YOUR OBJECTIVE: From the data that follows, copy every line holding the string "with".

....

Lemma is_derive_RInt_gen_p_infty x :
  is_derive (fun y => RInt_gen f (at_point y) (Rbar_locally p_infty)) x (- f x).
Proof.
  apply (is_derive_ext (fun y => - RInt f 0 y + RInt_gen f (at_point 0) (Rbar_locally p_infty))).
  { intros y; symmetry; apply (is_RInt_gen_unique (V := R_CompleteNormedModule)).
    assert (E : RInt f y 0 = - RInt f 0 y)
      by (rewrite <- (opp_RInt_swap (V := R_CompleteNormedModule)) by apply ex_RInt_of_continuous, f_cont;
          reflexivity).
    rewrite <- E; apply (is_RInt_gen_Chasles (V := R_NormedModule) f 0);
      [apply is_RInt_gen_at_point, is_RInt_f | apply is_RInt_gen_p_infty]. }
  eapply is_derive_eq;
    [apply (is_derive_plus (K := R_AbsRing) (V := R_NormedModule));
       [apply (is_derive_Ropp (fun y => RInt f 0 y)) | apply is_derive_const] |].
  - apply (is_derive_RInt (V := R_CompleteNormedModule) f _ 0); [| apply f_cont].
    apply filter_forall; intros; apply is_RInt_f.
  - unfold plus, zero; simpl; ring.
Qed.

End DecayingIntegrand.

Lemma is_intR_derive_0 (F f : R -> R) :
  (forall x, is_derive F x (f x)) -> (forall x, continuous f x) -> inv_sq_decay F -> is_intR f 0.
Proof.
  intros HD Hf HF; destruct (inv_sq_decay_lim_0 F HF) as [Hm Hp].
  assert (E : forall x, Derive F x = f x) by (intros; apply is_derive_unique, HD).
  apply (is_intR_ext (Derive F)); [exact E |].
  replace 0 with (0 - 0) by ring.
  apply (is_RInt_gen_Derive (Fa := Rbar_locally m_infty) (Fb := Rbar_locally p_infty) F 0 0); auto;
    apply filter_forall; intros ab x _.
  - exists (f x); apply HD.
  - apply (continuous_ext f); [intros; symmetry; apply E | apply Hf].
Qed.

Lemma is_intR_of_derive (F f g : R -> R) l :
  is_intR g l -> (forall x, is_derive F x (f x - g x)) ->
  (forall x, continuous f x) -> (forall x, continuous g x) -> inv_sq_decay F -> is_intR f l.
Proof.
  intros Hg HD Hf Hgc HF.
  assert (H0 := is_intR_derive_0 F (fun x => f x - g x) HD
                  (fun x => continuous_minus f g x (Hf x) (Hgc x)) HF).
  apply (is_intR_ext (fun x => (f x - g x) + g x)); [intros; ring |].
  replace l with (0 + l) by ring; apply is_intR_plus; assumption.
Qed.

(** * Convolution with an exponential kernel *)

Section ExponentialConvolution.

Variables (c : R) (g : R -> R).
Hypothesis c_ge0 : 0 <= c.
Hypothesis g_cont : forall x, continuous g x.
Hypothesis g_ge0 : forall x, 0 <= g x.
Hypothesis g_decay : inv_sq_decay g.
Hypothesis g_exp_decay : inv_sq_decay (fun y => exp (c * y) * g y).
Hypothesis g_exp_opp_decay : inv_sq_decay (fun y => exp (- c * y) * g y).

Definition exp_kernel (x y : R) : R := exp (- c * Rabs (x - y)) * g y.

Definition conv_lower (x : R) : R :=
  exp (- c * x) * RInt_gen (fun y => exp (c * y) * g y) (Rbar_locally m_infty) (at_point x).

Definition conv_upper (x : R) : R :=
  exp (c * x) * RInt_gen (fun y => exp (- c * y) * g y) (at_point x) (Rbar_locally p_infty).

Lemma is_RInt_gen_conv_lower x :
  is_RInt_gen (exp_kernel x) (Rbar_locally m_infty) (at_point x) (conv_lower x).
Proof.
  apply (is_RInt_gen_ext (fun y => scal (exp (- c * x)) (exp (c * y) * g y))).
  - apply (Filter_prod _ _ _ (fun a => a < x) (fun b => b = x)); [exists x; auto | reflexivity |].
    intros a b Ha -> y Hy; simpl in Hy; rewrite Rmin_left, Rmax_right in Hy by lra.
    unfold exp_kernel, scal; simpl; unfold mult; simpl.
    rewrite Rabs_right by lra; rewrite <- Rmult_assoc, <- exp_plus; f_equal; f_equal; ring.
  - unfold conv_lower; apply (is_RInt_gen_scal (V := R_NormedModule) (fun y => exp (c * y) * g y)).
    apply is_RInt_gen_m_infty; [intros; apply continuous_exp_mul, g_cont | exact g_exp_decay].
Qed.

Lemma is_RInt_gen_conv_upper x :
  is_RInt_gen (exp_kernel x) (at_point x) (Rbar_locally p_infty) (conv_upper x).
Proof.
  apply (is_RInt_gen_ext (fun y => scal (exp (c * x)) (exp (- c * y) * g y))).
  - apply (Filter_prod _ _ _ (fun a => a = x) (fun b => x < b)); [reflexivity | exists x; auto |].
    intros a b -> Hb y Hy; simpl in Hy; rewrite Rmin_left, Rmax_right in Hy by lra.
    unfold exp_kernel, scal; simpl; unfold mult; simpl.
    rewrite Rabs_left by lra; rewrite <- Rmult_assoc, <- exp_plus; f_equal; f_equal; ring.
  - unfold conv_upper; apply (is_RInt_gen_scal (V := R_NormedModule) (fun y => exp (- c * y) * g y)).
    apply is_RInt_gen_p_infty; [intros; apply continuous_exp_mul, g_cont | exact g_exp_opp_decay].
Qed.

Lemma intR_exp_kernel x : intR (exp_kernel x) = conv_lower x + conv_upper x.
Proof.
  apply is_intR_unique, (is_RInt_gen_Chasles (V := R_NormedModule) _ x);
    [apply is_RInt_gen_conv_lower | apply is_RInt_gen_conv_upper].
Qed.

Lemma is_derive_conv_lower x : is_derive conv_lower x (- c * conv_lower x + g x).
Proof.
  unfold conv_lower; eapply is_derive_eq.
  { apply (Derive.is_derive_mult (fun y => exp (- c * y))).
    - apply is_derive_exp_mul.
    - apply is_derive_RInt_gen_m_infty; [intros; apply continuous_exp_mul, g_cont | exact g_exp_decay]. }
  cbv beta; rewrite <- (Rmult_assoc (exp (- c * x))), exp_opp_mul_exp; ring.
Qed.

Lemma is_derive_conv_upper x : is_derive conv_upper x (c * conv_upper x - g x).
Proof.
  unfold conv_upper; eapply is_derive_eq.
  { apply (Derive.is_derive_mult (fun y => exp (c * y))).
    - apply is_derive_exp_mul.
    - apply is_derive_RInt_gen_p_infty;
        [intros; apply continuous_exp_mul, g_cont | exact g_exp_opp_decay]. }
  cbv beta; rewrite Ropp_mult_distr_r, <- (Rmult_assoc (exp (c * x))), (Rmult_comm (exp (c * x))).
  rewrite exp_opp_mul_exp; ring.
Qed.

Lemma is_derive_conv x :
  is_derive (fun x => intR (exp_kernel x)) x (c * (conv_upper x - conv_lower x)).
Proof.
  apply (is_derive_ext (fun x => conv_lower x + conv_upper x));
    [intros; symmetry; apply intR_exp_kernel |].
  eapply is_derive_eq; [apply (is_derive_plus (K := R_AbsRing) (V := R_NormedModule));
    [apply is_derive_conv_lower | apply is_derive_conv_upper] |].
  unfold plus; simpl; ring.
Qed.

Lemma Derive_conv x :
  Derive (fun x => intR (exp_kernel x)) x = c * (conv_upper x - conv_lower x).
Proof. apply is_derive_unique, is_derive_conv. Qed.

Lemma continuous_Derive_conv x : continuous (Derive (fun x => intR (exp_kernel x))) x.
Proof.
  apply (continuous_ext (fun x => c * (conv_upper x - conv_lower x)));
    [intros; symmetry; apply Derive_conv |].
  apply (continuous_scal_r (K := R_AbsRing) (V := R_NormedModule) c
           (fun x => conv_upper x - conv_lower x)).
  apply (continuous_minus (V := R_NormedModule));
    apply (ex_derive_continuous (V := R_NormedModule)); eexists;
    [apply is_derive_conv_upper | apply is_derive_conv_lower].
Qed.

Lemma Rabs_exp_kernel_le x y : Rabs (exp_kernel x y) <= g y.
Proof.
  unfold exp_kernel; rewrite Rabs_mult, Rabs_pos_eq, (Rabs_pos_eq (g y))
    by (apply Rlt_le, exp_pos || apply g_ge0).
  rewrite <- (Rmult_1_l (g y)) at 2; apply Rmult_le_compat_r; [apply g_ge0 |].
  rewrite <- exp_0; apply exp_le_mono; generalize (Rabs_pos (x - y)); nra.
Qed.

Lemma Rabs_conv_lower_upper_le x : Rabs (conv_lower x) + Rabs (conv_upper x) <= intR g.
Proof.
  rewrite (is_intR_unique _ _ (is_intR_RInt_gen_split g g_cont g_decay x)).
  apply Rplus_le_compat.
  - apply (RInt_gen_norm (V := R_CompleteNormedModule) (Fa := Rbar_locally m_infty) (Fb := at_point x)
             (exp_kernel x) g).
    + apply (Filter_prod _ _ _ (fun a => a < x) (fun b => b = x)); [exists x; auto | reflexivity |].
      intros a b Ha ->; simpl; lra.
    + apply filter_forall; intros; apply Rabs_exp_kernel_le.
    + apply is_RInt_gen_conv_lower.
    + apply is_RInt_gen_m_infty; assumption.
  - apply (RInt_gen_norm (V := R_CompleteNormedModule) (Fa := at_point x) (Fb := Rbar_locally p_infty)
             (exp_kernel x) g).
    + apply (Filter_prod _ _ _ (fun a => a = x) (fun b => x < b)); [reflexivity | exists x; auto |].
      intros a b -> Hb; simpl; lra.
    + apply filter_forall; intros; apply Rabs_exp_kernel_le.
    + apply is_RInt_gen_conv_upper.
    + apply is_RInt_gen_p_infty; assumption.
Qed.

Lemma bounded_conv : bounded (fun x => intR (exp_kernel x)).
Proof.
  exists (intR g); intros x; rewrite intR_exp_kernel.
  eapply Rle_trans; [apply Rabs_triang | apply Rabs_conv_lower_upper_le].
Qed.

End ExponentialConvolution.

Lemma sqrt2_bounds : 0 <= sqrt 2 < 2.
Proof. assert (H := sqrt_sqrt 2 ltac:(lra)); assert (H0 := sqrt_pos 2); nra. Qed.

....

OUTPUT FOR THIS EXERCISE:
  replace 0 with (0 - 0) by ring.
  replace l with (0 + l) by ring; apply is_intR_plus; assumption.
(** * Convolution with an exponential kernel *)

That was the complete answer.